Task details :: Scan the records below for the word "subB". Copy each line where it appears.

^^^^

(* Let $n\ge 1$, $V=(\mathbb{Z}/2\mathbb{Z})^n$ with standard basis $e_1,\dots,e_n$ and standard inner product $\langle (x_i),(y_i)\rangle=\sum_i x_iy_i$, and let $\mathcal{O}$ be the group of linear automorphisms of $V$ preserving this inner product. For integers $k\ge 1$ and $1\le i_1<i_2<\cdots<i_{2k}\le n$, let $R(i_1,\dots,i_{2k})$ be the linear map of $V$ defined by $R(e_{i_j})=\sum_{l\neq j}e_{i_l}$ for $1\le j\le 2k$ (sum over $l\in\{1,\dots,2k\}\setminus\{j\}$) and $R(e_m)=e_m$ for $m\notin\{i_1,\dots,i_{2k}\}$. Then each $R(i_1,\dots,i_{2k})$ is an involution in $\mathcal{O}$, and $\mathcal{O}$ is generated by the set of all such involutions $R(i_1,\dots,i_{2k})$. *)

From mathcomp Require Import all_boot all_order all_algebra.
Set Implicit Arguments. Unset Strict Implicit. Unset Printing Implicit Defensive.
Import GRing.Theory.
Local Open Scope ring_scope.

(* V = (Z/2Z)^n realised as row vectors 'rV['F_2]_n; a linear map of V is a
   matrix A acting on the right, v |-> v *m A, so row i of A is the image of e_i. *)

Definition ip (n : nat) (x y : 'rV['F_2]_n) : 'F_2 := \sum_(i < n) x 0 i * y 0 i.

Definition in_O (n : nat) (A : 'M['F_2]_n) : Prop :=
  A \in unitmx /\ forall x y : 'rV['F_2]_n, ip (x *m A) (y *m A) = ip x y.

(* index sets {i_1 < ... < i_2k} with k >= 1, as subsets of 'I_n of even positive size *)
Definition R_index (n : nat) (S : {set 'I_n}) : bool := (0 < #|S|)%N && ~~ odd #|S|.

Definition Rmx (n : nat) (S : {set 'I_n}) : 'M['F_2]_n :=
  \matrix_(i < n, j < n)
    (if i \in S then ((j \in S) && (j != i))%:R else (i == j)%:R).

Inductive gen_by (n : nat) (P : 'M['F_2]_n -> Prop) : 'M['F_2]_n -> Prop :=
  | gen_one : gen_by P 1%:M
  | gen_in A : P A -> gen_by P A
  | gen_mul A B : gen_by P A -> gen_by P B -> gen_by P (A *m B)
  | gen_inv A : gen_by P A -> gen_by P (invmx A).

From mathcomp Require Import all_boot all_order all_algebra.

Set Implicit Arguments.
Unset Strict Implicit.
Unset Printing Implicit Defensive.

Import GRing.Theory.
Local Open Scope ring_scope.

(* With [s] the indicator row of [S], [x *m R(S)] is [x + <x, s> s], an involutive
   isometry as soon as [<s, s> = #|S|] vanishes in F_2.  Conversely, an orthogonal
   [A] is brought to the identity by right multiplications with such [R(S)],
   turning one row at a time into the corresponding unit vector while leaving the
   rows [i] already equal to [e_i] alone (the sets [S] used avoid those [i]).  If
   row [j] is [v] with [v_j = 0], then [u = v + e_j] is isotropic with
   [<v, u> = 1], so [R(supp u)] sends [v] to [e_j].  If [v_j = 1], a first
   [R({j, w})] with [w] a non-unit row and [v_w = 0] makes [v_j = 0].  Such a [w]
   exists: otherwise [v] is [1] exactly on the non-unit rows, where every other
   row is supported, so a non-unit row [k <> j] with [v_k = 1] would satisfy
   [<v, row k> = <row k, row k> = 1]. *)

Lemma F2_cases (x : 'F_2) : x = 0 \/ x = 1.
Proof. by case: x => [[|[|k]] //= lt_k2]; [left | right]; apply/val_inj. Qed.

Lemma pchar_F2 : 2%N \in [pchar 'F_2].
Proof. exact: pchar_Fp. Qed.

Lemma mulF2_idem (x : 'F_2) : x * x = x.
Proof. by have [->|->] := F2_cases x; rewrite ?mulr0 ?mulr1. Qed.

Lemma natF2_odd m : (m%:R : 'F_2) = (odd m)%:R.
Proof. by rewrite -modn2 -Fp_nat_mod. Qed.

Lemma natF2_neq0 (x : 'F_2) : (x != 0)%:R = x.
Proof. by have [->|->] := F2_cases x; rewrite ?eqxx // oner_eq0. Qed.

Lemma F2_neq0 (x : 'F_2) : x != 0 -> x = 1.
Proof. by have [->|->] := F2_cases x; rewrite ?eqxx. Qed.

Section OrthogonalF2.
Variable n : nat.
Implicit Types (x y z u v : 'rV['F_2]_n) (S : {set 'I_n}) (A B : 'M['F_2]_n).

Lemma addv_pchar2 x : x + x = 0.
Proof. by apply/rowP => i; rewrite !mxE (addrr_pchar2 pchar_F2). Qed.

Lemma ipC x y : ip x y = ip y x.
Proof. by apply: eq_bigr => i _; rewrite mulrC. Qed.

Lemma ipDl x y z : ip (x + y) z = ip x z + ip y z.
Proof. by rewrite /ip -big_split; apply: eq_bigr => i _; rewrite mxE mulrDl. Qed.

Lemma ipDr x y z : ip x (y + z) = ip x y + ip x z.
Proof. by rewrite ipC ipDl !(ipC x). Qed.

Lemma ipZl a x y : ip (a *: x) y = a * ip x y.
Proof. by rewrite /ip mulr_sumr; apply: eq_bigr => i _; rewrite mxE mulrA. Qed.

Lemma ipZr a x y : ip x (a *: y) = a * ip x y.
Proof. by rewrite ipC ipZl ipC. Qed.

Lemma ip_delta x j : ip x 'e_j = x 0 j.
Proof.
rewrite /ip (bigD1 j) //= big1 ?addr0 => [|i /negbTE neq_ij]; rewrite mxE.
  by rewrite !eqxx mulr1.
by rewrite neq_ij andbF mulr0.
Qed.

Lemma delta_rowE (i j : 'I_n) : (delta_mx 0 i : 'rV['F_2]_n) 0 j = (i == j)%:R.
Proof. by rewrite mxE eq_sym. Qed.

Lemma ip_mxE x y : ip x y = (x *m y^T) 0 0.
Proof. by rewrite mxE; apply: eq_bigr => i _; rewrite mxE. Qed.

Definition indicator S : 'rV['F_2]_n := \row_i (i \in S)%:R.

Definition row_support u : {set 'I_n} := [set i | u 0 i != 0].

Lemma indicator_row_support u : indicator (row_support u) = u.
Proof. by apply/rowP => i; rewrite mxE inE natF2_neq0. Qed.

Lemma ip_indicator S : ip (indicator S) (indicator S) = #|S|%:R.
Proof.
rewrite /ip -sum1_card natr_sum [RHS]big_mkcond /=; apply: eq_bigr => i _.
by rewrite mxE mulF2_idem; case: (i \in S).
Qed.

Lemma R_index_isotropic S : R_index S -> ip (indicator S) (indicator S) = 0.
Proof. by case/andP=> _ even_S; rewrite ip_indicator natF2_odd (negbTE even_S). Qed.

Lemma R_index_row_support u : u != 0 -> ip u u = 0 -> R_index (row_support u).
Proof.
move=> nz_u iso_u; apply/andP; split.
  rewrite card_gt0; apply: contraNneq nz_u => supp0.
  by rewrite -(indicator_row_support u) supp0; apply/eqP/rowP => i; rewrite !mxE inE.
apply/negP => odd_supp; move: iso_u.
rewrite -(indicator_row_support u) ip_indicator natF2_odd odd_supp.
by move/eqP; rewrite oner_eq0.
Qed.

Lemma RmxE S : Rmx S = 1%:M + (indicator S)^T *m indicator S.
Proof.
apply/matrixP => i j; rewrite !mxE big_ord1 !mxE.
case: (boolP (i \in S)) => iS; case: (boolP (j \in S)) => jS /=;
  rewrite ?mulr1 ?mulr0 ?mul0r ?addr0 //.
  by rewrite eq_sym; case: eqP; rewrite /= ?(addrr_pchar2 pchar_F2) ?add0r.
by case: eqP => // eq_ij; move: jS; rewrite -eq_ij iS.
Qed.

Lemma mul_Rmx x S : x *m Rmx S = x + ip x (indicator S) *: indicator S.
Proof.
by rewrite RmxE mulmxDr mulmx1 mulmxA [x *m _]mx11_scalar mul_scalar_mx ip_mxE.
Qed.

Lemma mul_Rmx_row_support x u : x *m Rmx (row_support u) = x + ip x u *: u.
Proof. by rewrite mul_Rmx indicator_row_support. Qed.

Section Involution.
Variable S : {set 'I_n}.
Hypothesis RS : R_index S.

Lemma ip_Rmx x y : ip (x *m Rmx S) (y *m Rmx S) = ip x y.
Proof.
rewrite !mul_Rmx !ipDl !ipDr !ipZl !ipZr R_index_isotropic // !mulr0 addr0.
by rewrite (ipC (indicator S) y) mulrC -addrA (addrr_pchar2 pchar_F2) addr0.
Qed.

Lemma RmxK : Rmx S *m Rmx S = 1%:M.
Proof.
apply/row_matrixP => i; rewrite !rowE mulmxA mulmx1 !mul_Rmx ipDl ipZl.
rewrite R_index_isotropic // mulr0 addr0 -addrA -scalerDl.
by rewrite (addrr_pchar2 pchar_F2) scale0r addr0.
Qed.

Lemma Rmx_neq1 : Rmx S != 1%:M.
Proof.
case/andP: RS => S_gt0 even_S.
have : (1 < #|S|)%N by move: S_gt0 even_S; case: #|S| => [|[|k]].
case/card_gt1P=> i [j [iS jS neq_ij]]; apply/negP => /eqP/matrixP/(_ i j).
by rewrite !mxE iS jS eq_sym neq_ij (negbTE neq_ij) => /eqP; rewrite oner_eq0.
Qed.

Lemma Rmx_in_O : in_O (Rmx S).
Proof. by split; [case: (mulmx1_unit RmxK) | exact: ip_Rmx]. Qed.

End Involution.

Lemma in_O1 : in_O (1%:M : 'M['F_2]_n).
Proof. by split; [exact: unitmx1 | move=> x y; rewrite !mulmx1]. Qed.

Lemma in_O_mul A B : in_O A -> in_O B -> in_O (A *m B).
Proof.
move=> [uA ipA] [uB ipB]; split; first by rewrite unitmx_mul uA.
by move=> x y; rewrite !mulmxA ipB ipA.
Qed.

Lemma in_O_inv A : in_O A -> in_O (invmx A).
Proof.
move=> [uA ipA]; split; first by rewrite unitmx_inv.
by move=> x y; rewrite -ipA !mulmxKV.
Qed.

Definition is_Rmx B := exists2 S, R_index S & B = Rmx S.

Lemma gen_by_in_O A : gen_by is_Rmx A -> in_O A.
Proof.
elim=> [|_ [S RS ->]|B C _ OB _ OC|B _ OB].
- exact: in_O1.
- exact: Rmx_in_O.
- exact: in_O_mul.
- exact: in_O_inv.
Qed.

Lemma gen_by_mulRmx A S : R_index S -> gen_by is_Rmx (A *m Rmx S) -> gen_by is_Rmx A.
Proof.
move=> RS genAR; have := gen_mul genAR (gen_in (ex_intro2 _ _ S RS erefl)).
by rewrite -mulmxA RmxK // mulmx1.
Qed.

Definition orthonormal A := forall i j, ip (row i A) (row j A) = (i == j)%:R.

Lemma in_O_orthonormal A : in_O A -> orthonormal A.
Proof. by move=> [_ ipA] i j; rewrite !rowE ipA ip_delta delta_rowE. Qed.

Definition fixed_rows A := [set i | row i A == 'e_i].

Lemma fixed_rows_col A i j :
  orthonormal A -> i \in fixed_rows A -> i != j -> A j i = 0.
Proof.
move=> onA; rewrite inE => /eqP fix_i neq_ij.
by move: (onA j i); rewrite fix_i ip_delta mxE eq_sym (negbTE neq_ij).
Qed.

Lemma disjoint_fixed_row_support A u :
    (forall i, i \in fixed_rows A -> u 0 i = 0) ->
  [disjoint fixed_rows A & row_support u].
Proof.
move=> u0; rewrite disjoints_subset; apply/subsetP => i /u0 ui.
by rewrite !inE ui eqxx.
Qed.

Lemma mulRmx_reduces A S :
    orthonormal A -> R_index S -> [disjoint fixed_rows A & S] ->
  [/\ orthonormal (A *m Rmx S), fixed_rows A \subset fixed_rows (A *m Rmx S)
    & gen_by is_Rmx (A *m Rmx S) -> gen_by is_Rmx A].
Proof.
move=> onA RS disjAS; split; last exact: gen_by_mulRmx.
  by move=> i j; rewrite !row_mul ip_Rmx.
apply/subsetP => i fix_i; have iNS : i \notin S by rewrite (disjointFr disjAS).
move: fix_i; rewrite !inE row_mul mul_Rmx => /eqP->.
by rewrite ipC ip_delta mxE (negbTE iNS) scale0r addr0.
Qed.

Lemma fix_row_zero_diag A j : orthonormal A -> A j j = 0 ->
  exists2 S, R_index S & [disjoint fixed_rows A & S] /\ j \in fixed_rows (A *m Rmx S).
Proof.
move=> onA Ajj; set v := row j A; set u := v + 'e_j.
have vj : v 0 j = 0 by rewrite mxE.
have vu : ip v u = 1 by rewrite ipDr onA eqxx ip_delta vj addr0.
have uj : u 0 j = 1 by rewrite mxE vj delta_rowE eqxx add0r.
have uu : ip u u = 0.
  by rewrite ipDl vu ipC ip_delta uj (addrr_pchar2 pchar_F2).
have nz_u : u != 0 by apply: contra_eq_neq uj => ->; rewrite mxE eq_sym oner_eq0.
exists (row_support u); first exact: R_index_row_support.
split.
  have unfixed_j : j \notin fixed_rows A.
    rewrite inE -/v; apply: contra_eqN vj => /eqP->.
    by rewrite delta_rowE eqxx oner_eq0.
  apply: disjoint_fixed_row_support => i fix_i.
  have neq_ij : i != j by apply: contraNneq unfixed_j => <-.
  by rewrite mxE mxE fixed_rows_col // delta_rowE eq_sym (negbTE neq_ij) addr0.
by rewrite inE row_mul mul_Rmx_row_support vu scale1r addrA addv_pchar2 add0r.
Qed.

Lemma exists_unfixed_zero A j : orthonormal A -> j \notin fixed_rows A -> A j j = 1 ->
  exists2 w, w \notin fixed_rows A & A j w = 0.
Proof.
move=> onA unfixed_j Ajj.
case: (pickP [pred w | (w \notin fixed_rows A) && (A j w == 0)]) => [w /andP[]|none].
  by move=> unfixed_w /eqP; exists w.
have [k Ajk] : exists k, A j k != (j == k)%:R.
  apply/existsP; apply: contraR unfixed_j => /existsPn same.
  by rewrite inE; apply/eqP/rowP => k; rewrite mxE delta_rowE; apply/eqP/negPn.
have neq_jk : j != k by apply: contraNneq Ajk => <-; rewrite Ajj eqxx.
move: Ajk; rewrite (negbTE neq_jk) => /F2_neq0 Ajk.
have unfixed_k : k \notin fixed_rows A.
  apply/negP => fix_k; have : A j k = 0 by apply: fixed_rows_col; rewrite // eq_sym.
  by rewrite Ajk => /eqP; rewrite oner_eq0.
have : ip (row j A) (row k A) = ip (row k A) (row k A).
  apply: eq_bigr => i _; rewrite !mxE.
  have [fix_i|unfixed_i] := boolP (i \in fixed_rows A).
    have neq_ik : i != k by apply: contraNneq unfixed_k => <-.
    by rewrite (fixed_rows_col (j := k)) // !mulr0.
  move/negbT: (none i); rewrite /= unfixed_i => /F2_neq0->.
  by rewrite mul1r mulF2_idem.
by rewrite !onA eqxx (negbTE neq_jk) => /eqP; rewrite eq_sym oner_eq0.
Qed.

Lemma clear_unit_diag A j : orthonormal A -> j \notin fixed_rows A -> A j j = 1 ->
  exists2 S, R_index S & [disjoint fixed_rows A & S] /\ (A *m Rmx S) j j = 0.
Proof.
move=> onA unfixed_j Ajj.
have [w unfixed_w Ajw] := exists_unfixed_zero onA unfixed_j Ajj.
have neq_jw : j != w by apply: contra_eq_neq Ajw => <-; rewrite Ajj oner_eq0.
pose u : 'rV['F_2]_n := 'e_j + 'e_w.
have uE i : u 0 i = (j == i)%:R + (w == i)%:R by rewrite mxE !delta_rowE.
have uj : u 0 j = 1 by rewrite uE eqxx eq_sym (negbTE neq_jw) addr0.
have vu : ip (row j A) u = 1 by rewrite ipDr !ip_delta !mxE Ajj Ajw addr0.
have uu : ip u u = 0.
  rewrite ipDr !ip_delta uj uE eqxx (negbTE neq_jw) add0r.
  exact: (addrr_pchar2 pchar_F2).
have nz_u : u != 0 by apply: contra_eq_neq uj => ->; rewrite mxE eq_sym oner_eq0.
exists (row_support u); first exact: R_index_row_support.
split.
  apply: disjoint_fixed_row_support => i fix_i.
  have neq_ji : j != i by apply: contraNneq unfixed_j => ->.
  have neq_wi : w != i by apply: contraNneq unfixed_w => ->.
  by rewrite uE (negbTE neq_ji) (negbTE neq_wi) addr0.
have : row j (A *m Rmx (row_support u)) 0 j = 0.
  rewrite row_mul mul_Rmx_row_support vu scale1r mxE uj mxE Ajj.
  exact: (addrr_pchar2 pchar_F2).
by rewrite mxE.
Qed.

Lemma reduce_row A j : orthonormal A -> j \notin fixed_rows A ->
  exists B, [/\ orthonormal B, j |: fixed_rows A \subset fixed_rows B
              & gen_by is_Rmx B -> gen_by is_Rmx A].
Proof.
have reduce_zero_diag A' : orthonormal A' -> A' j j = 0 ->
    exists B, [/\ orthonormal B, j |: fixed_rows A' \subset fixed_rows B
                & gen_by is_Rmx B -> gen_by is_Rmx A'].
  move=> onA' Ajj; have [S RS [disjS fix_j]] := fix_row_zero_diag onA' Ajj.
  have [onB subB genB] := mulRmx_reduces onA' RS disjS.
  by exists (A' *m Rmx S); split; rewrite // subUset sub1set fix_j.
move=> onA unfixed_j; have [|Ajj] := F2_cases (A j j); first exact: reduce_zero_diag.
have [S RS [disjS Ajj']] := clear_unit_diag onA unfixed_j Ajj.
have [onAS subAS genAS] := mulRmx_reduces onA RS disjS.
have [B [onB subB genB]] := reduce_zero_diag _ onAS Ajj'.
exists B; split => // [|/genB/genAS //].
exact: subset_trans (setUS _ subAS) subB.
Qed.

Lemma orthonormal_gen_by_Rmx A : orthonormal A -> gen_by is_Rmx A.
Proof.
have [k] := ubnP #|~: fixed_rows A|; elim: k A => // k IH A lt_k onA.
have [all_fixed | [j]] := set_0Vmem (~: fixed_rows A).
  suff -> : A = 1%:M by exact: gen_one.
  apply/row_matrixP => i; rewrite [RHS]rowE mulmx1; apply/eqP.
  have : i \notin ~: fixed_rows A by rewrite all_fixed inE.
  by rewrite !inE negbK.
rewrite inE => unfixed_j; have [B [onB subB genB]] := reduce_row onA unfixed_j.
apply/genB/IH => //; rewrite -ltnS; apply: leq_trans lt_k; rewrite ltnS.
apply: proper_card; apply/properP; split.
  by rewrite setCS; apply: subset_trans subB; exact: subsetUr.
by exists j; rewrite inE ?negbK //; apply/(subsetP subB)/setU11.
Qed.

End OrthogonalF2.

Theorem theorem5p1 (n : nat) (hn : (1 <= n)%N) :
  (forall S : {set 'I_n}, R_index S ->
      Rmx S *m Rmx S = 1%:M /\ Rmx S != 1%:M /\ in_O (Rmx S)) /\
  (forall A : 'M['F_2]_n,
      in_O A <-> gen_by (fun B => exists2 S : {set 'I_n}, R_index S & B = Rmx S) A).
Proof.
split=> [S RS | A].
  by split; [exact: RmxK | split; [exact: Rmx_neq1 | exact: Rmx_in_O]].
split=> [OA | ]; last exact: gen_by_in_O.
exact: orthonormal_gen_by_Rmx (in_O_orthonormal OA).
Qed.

^^^^

Written solution ::
  have [onB subB genB] := mulRmx_reduces onA' RS disjS.
have [B [onB subB genB]] := reduce_zero_diag _ onAS Ajj'.
exact: subset_trans (setUS _ subAS) subB.
rewrite inE => unfixed_j; have [B [onB subB genB]] := reduce_row onA unfixed_j.
  by rewrite setCS; apply: subset_trans subB; exact: subsetUr.
by exists j; rewrite inE ?negbK //; apply/(subsetP subB)/setU11.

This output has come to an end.